Most every Tuesday I answer questions submitted by readers on my formspring.me account. I invite questions or insight anonymously on the site and answer them in a post the following week. Submit your questions for next week’s edition by clicking this link. Link opens in a new window.
A: Yes. Of course.
As long as my partner could respect my interests, I’m cool with it.
While I find college football to be an important part of my childhood and something that I enjoy watching and attending in person, it is not a deal breaker for me if someone I chose to date simply didn’t care for football. We all have our passions, and most of us have more than one. I like college football, reading, blogging, and trying new restaurants among many, many other things. So I am confident that even if we didn’t share a common love of college football, we would connect on some other level and enjoy doing other things together. While I really, really love college football, it’s certainly not the only thing that I enjoy and find passion in.

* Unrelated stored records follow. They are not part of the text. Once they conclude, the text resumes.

From HB Require Import structures.
From mathcomp Require Import all_boot all_order all_algebra.
From mathcomp Require Import all_classical all_reals all_analysis measurable_realfun ess_sup_inf.
From mathcomp Require Import ring lra.
Set Implicit Arguments.
Unset Strict Implicit.
Unset Printing Implicit Defensive.
Import Order.TTheory GRing.Theory Num.Theory.
Import numFieldNormedType.Exports.
Local Open Scope classical_set_scope.
Local Open Scope ring_scope.

(* A fixed point w of L_N with <w, Q>_ref = c satisfies w (c - (1 - alpha) Q) =
   alpha c pointwise, so every fixed point in the cone is P_ref-a.s. equal to
   w_c = alpha c / (c - (1 - alpha) Q) with c = <w, Q>_ref.  Conversely, for
   c > (1 - alpha) Q_*, w_c is a fixed point as soon as its P_ref-mass is 1:
   integrating (1 - alpha) w_c Q = c (w_c - alpha) then gives <w_c, Q>_ref = c.
   The mass of w_c is continuous and nonincreasing in c, at most 1 at c = Q_*, and
   tends by monotone convergence to alpha int Q_*/(Q_* - Q) dP_ref > 1 as c
   decreases to (1 - alpha) Q_*, so the intermediate value theorem yields a
   normalizing c.  Uniqueness: if the constant c' of another fixed point were < c
   (resp. > c), then w_c' >= w_c (resp. <=), hence c' = <w_c', Q>_ref >=
   <w_c, Q>_ref = c (resp. <=), a contradiction. *)

Section fixed_point_profile.
Context {R : realType}.
Variable a : R.
Hypothesis a01 : 0 < a < 1.

Definition fixpt (c t : R) : R := a * c / (c - (1 - a) * t).

Let a_gt0 : 0 < a. Proof. by case/andP: a01. Qed.
Let ca_gt0 : 0 < 1 - a. Proof. by case/andP: a01; rewrite subr_gt0. Qed.

Lemma fixpt_gt0 c t : 0 <= t -> (1 - a) * t < c -> 0 < fixpt c t.
Proof.
move=> t0 tc; have c0 : 0 < c by apply: le_lt_trans tc; rewrite mulr_ge0 // ltW.
by rewrite divr_gt0 ?mulr_gt0 // subr_gt0.
Qed.

Lemma fixpt_ge0 c t : 0 <= t -> (1 - a) * t < c -> 0 <= fixpt c t.
Proof. by move=> t0 tc; rewrite ltW // fixpt_gt0. Qed.

Lemma fixpt_le c t t' : 0 <= t <= t' -> (1 - a) * t' < c -> fixpt c t <= fixpt c t'.
Proof.
move=> /andP[t0 tt'] tc.
have btt : (1 - a) * t <= (1 - a) * t' by rewrite ler_wpM2l // ltW.
have bt : 0 <= (1 - a) * t by rewrite mulr_ge0 // ltW.
have c0 : 0 < c by lra.
rewrite ler_pM2l ?mulr_gt0 // lef_pV2 ?posrE ?subr_gt0 //; lra.
Qed.

Lemma fixpt_antitone c c' t : 0 <= t -> (1 - a) * t < c -> c <= c' ->
  fixpt c' t <= fixpt c t.
Proof.
move=> t0 tc cc'; have tc' := lt_le_trans tc cc'.
have bt : 0 <= (1 - a) * t by rewrite mulr_ge0 // ltW.
rewrite /fixpt ler_pdivrMr ?subr_gt0 // mulrAC ler_pdivlMr ?subr_gt0 //.
rewrite -!mulrA ler_pM2l //; nra.
Qed.
(* Let $t>0$ be fixed and $x_1>0$. Then the characteristic triangles $\Delta(0,t)$ and $\Delta(x_1,t)$ do not intersect in the open quadrant $(0,\infty)^2$.
   Context: Standing assumptions: $u_0,u_b:[0,\infty)\to\mathbb{R}$ bounded measurable with $u_b>0$; $\rho_0,\rho_b:[0,\infty)\to(0,\infty)$ positive locally bounded measurable. For $x,t,y,\tau\ge0$: $F(y,x,t)=\int_0^y[tu_0(\eta)+\eta-x]\rho_0(\eta)\,d\eta$, $G(\tau,x,t)=\int_0^\tau[x-u_b(\eta)(t-\eta)]\rho_b(\eta)u_b(\eta)\,d\eta$, $F(x,t)=\min_{y\ge0}F(y,x,t)$, $G(x,t)=\min_{\tau\ge0}G(\tau,x,t)$ (minima attained); $y_*\le y^*$ smallest/largest minimizers of $F(\cdot,x,t)$, $\tau_*\le\tau^*$ those of $G(\cdot,x,t)$. Characteristic triangle $\Delta(x,t)$ ($x\ge0,t>0$): (1) if $x>0$, $F(x,t)<G(x,t)$: convex hull of $(x,t),(y_*(x,t),0),(y^*(x,t),0)$; (2) if $F(x,t)>G(x,t)$: convex hull of $(x,t),(0,\tau_*(x,t)),(0,\tau^*(x,t))$; (3) if $F(x,t)=G(x,t)$: convex hull of $(x,t),(y^*(x,t),0),(0,\tau^*(x,t)),(0,0)$; (4) if $x=0$, $F(0,t)<G(0,t)$: convex hull of $(0,t),(0,0),(y^*(0,t),0)$. *)

From HB Require Import structures.
From mathcomp Require Import all_boot all_order all_algebra.
From mathcomp Require Import all_classical all_reals all_analysis.
Set Implicit Arguments. Unset Strict Implicit. Unset Printing Implicit Defensive.
Import Order.TTheory GRing.Theory Num.Theory.
Local Open Scope classical_set_scope.
Local Open Scope ring_scope.

Definition nonneg_half (R : realType) : set R := [set x : R | 0 <= x].

(* Standing assumptions on the data u0, ub, rho0, rhob (only their values on
   [0, oo) matter). *)
Definition bounded_on_halfline (R : realType) (f : R -> R) : Prop :=
  exists M : R, forall x : R, 0 <= x -> `|f x| <= M.

Definition locally_bounded_on_halfline (R : realType) (f : R -> R) : Prop :=
  forall a : R, 0 <= a -> exists M : R, forall x : R, 0 <= x <= a -> `|f x| <= M.

Definition standing_assumptions (R : realType) (u0 ub rho0 rhob : R -> R) : Prop :=
  [/\ measurable_fun (@nonneg_half R) u0 /\ bounded_on_halfline u0,
      measurable_fun (@nonneg_half R) ub /\ bounded_on_halfline ub
        /\ (forall x : R, 0 <= x -> 0 < ub x),
      measurable_fun (@nonneg_half R) rho0 /\ locally_bounded_on_halfline rho0
        /\ (forall x : R, 0 <= x -> 0 < rho0 x) &
      measurable_fun (@nonneg_half R) rhob /\ locally_bounded_on_halfline rhob
        /\ (forall x : R, 0 <= x -> 0 < rhob x)].

Definition Fyxt (R : realType) (u0 rho0 : R -> R) (y x t : R) : R :=
  Rintegral (@lebesgue_measure R) `[0, y]
    (fun eta => (t * u0 eta + eta - x) * rho0 eta).

Definition Gtxt (R : realType) (ub rhob : R -> R) (tau x t : R) : R :=
  Rintegral (@lebesgue_measure R) `[0, tau]
    (fun eta => (x - ub eta * (t - eta)) * rhob eta * ub eta).

Definition Fmin (R : realType) (u0 rho0 : R -> R) (x t : R) : R :=
  inf [set Fyxt u0 rho0 y x t | y in @nonneg_half R].
Definition Gmin (R : realType) (ub rhob : R -> R) (x t : R) : R :=
  inf [set Gtxt ub rhob tau x t | tau in @nonneg_half R].

Definition Fargmin (R : realType) (u0 rho0 : R -> R) (x t : R) : set R :=
  [set y | 0 <= y /\ Fyxt u0 rho0 y x t = Fmin u0 rho0 x t].
Definition Gargmin (R : realType) (ub rhob : R -> R) (x t : R) : set R :=
  [set tau | 0 <= tau /\ Gtxt ub rhob tau x t = Gmin ub rhob x t].
Definition y_low (R : realType) (u0 rho0 : R -> R) (x t : R) : R :=
  inf (Fargmin u0 rho0 x t).
Definition y_up (R : realType) (u0 rho0 : R -> R) (x t : R) : R :=
  sup (Fargmin u0 rho0 x t).
Definition tau_low (R : realType) (ub rhob : R -> R) (x t : R) : R :=
  inf (Gargmin ub rhob x t).
Definition tau_up (R : realType) (ub rhob : R -> R) (x t : R) : R :=
  sup (Gargmin ub rhob x t).

Definition hull3 (R : realType) (a b c : R * R) : set (R * R) :=
  [set p | exists l1 l2 l3 : R,
     [/\ 0 <= l1, 0 <= l2, 0 <= l3, l1 + l2 + l3 = 1 &
         p = (l1 * a.1 + l2 * b.1 + l3 * c.1, l1 * a.2 + l2 * b.2 + l3 * c.2)]].
Definition hull4 (R : realType) (a b c d : R * R) : set (R * R) :=
  [set p | exists l1 l2 l3 l4 : R,
     [/\ 0 <= l1, 0 <= l2, 0 <= l3, 0 <= l4 /\ l1 + l2 + l3 + l4 = 1 &
         p = (l1 * a.1 + l2 * b.1 + l3 * c.1 + l4 * d.1,
              l1 * a.2 + l2 * b.2 + l3 * c.2 + l4 * d.2)]].

(* characteristic triangle Delta(x,t), meaningful for x >= 0, t > 0 *)
Definition char_triangle (R : realType) (u0 ub rho0 rhob : R -> R) (x t : R)
  : set (R * R) :=
  let F := Fmin u0 rho0 x t in
  let G := Gmin ub rhob x t in
  if (0 < x) && (F < G) then
    hull3 (x, t) (y_low u0 rho0 x t, 0) (y_up u0 rho0 x t, 0)
  else if G < F then
    hull3 (x, t) (0, tau_low ub rhob x t) (0, tau_up ub rhob x t)
  else if F == G then
    hull4 (x, t) (y_up u0 rho0 x t, 0) (0, tau_up ub rhob x t) (0, 0)
  else                                          (* case (4): x = 0, F < G *)
    hull3 (0, t) (0, 0) (y_up u0 rho0 x t, 0).

(* Put Y := y^*(0,t).  The x-dependence of both functionals is affine:
   F(y,x,t) = F(y,0,t) - x \int_0^y rho0 and G(tau,x,t) = G(tau,0,t) + x W(tau)
   with W(tau) = \int_0^tau rhob ub strictly increasing from W(0) = 0.  Hence
   F(x1,t) <= F(0,t).  The integrand of G(.,0,t) has the sign of tau - t, so
   G(.,0,t) is minimal at tau = t and nowhere beyond; thus tau^*(0,t) <= t and,
   as W > 0 away from 0, G(x1,t) > G(0,t).  A point of Delta(0,t) with positive
   abscissa forces F(0,t) <= G(0,t), so F(x1,t) < G(x1,t) and Delta(x1,t) is
   of type (1).  Subtracting x1 times a strictly increasing function from
   F(.,0,t) can only move its minimizers to the right, so
   Y <= y_*(x1,t) <= y^*(x1,t).  The line through (0,t) and (Y,0) then
   separates the triangles: Delta(0,t) lies in t p.1 + Y p.2 <= t Y, while
   Delta(x1,t) minus its base lies in t p.1 + Y p.2 > t Y. *)

From HB Require Import structures.
From mathcomp Require Import all_boot all_order all_algebra.
From mathcomp Require Import all_classical all_reals all_analysis.
From mathcomp Require Import ring lra.
Import Order.TTheory GRing.Theory Num.Theory.
Local Open Scope classical_set_scope.
Local Open Scope ring_scope.

Section ConvexHull.
Context {R : realType}.
Implicit Types (a b c d p : R * R) (alpha beta M : R).

Lemma hull3_affine_le {alpha beta M a b c p} :
  hull3 a b c p ->
  alpha * a.1 + beta * a.2 <= M -> alpha * b.1 + beta * b.2 <= M ->
  alpha * c.1 + beta * c.2 <= M -> alpha * p.1 + beta * p.2 <= M.
Proof.
move=> [l1 [l2 [l3 [l1_ge0 l2_ge0 l3_ge0 l_sum ->]]]] ha hb hc /=.
have -> : M = l1 * M + l2 * M + l3 * M by rewrite -!mulrDl l_sum mul1r.
set fa := alpha * a.1 + _ in ha; set fb := alpha * b.1 + _ in hb.
set fc := alpha * c.1 + _ in hc.
have -> : alpha * (l1 * a.1 + l2 * b.1 + l3 * c.1) +
          beta * (l1 * a.2 + l2 * b.2 + l3 * c.2) = l1 * fa + l2 * fb + l3 * fc.
  by rewrite /fa /fb /fc; ring.
by rewrite !lerD // ler_wpM2l.
Qed.

Lemma hull3_affine_ge {alpha beta M a b c p} :
  hull3 a b c p ->
  M <= alpha * a.1 + beta * a.2 -> M <= alpha * b.1 + beta * b.2 ->
  M <= alpha * c.1 + beta * c.2 -> M <= alpha * p.1 + beta * p.2.
Proof.
move=> /(@hull3_affine_le (- alpha) (- beta) (- M)).
by rewrite !mulNr -!opprD !lerN2.
Qed.

Lemma hull4_affine_le {alpha beta M a b c d p} :
  hull4 a b c d p ->
  alpha * a.1 + beta * a.2 <= M -> alpha * b.1 + beta * b.2 <= M ->
  alpha * c.1 + beta * c.2 <= M -> alpha * d.1 + beta * d.2 <= M ->
  alpha * p.1 + beta * p.2 <= M.
Proof.
move=> [l1 [l2 [l3 [l4 [l1_ge0 l2_ge0 l3_ge0 [l4_ge0 l_sum] ->]]]]] ha hb hc hd /=.
have -> : M = l1 * M + l2 * M + l3 * M + l4 * M by rewrite -!mulrDl l_sum mul1r.
set fa := alpha * a.1 + _ in ha; set fb := alpha * b.1 + _ in hb.
set fc := alpha * c.1 + _ in hc; set fd := alpha * d.1 + _ in hd.
have -> : alpha * (l1 * a.1 + l2 * b.1 + l3 * c.1 + l4 * d.1) +
          beta * (l1 * a.2 + l2 * b.2 + l3 * c.2 + l4 * d.2) =
          l1 * fa + l2 * fb + l3 * fc + l4 * fd.
  by rewrite /fa /fb /fc /fd; ring.
by rewrite !lerD // ler_wpM2l.
Qed.

End ConvexHull.

Section CharTriangle.
Context {R : realType} {u0 ub rho0 rhob : R -> R}.

Lemma char_triangle_interior (x t : R) :
  0 < x -> Fmin u0 rho0 x t < Gmin ub rhob x t ->
  char_triangle u0 ub rho0 rhob x t =
  hull3 (x, t) (y_low u0 rho0 x t, 0) (y_up u0 rho0 x t, 0).
Proof. by move=> x_gt0 FG; rewrite /char_triangle x_gt0 FG. Qed.

Lemma char_triangle_origin {t : R} {p : R * R} :
  char_triangle u0 ub rho0 rhob 0 t p -> 0 < p.1 ->
  Fmin u0 rho0 0 t <= Gmin ub rhob 0 t /\
  (hull4 (0, t) (y_up u0 rho0 0 t, 0) (0, tau_up ub rhob 0 t) (0, 0) p \/
   hull3 (0, t) (0, 0) (y_up u0 rho0 0 t, 0) p).
Proof.
rewrite /char_triangle ltxx /=; case: ltP => [_ | FG].
  by case=> [l1 [l2 [l3 [_ _ _ _ ->]]]]; rewrite /= !mulr0 !addr0 ltxx.
by case: ifP => _ hp _; split=> //; [left | right].
Qed.

Lemma origin_triangle_below {t Y T : R} {p : R * R} :
  0 < t -> 0 <= Y -> T <= t ->
  hull4 (0, t) (Y, 0) (0, T) (0, 0) p \/ hull3 (0, t) (0, 0) (Y, 0) p ->
  t * p.1 + Y * p.2 <= t * Y.
Proof.
move=> t_gt0 Y_ge0 T_le_t.
have tY_ge0 : 0 <= t * Y by rewrite mulr_ge0 // ltW.
case=> hp; [apply: (hull4_affine_le hp) | apply: (hull3_affine_le hp)] => /=; nra.
Qed.

Lemma interior_triangle_above {t x Y a b : R} {p : R * R} :
  0 <= t -> 0 < x -> Y <= a -> Y <= b -> 0 < p.2 ->
  hull3 (x, t) (a, 0) (b, 0) p -> t * Y < t * p.1 + Y * p.2.
Proof.
move=> t_ge0 x_gt0 Ya Yb p2_gt0 hp.
have at_apex : t * Y <= t * x + (Y - x) * t by rewrite mulrBl; lra.
have at_a : t * Y <= t * a + (Y - x) * 0 by rewrite mulr0 addr0 ler_wpM2l.
have at_b : t * Y <= t * b + (Y - x) * 0 by rewrite mulr0 addr0 ler_wpM2l.
have := hull3_affine_ge hp at_apex at_a at_b.
have := mulr_gt0 x_gt0 p2_gt0; rewrite mulrBl; lra.
Qed.

End CharTriangle.

Section HalflineMinimizers.
Context {R : realType}.
Implicit Types (f g P : R -> R) (c y : R).

Definition halfline_minimizer f y : Prop :=
  0 <= y /\ forall z, 0 <= z -> f y <= f z.

Lemma le_inf_halfline f c : (forall z, 0 <= z -> c <= f z) ->
  c <= inf [set f z | z in @nonneg_half R].
Proof.
move=> cf; apply: lb_le_inf; first by exists (f 0), 0; rewrite /nonneg_half /=.
by move=> _ [z z_ge0 <-]; apply: cf.
Qed.

Lemma halfline_minimizer_inf {f y} : halfline_minimizer f y ->
  inf [set f z | z in @nonneg_half R] = f y.
Proof.
move=> [y_ge0 fy_min]; apply/le_anti; rewrite le_inf_halfline // andbT.
by apply: ge_inf; [exists (f y) => _ [z z_ge0 <-]; apply: fy_min | exists y].
Qed.

Lemma halfline_argminP {f} {y0 : R} (y : R) : halfline_minimizer f y0 ->
  (0 <= y /\ f y = inf [set f z | z in @nonneg_half R]) <-> halfline_minimizer f y.
Proof.
move=> /[dup] /halfline_minimizer_inf -> [y0_ge0 fy0_min].
split=> [[y_ge0 fy_eq] | [y_ge0 fy_min]]; split=> //.
  by move=> z /fy0_min; rewrite fy_eq.
by apply/le_anti; rewrite fy_min ?fy0_min.
Qed.

Lemma halfline_minimizer_mono {f g P c} {y0 y1 : R} : 0 < c ->
  (forall a b, 0 <= a -> a < b -> P a < P b) ->
  (forall y, 0 <= y -> g y = f y - c * P y) ->
  halfline_minimizer f y0 -> halfline_minimizer g y1 -> y0 <= y1.
Proof.
move=> c_gt0 P_incr gE [y0_ge0 f_min] [y1_ge0 g_min].
rewrite leNgt; apply/negP => y10.
have := g_min _ y0_ge0; have := f_min _ y1_ge0; rewrite !gE //.
have : c * P y1 < c * P y0 by rewrite ltr_pM2l // P_incr.
lra.
Qed.

End HalflineMinimizers.

Section HalflineIntegrals.
Context {R : realType}.
Local Notation mu := (@lebesgue_measure R).
Local Notation Phi g y := (parameterized_integral mu 0 y g).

Who wouldn’t I date, though? Someone with a chip on their should about my passion for football. It’s okay if you don’t find football interesting or important, but I don’t want my interest in football minimized. I don’t appreciate individuals who chastise fans of college football as stupid or intellectually deficient. It’s definitely rude and unnecessary. Just because we don’t share that in common doesn’t mean it’s okay for you to diminish its importance in my life. We all have our ‘vices’, we all have our interests. I really don’t want to call someone else’s passion a waste of time, energy, or intellectual effort. This is a basic truth I hold for all relationships in my life, romantic or otherwise. If you cannot respect who I am, why should we spend time together?
So no, you don’t have to love football to date me. You just have to love me as a whole and accept that it comes in the package. And I’ll do the same for you, for whatever it is you love!